= TASK REQUIREMENTS =
Filter the entries below, keeping every line that has the word "factor".

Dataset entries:
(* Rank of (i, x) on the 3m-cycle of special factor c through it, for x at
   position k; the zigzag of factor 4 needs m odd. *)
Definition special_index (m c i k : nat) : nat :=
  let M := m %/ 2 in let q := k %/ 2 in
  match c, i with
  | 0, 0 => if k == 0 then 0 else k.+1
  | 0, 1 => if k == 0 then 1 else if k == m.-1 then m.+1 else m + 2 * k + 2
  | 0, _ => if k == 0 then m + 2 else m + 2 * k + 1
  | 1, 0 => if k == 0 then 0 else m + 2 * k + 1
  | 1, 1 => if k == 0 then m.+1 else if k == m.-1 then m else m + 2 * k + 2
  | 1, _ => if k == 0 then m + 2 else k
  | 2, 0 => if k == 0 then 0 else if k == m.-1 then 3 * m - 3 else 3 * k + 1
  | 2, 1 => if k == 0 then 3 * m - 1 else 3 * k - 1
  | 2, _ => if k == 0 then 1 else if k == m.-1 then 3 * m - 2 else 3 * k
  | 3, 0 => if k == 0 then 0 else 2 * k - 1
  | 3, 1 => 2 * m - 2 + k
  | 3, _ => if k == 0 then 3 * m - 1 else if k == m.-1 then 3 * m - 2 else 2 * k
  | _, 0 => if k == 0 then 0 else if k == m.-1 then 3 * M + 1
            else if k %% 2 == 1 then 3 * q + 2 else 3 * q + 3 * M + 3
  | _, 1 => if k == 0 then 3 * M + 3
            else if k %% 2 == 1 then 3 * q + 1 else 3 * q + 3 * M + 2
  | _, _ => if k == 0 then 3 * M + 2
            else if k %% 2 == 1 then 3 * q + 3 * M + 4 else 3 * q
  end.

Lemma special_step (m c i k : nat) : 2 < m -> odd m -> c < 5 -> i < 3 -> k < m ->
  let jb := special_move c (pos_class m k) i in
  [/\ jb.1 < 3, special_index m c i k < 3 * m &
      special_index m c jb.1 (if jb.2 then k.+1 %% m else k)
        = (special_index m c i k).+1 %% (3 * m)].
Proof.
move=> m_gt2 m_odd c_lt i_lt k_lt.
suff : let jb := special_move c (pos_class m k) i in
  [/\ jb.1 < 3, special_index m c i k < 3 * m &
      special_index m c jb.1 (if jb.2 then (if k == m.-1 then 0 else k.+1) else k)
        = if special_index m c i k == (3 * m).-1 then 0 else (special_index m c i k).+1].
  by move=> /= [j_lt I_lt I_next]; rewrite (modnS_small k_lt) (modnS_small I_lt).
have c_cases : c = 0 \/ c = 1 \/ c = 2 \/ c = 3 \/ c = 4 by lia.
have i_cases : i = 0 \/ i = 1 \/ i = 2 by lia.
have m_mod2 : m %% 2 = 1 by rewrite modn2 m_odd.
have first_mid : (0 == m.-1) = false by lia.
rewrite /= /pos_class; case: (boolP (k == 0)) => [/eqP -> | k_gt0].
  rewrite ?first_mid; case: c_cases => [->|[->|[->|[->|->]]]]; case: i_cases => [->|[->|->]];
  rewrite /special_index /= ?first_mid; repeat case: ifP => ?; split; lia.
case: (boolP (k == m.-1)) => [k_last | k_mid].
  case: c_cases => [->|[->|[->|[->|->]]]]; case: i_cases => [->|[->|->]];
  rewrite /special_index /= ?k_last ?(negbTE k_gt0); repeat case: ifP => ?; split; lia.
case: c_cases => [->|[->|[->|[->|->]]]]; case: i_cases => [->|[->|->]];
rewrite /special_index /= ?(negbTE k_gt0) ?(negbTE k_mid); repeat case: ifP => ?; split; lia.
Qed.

= YOUR SOLUTION =
(* Rank of (i, x) on the 3m-cycle of special factor c through it, for x at
   position k; the zigzag of factor 4 needs m odd. *)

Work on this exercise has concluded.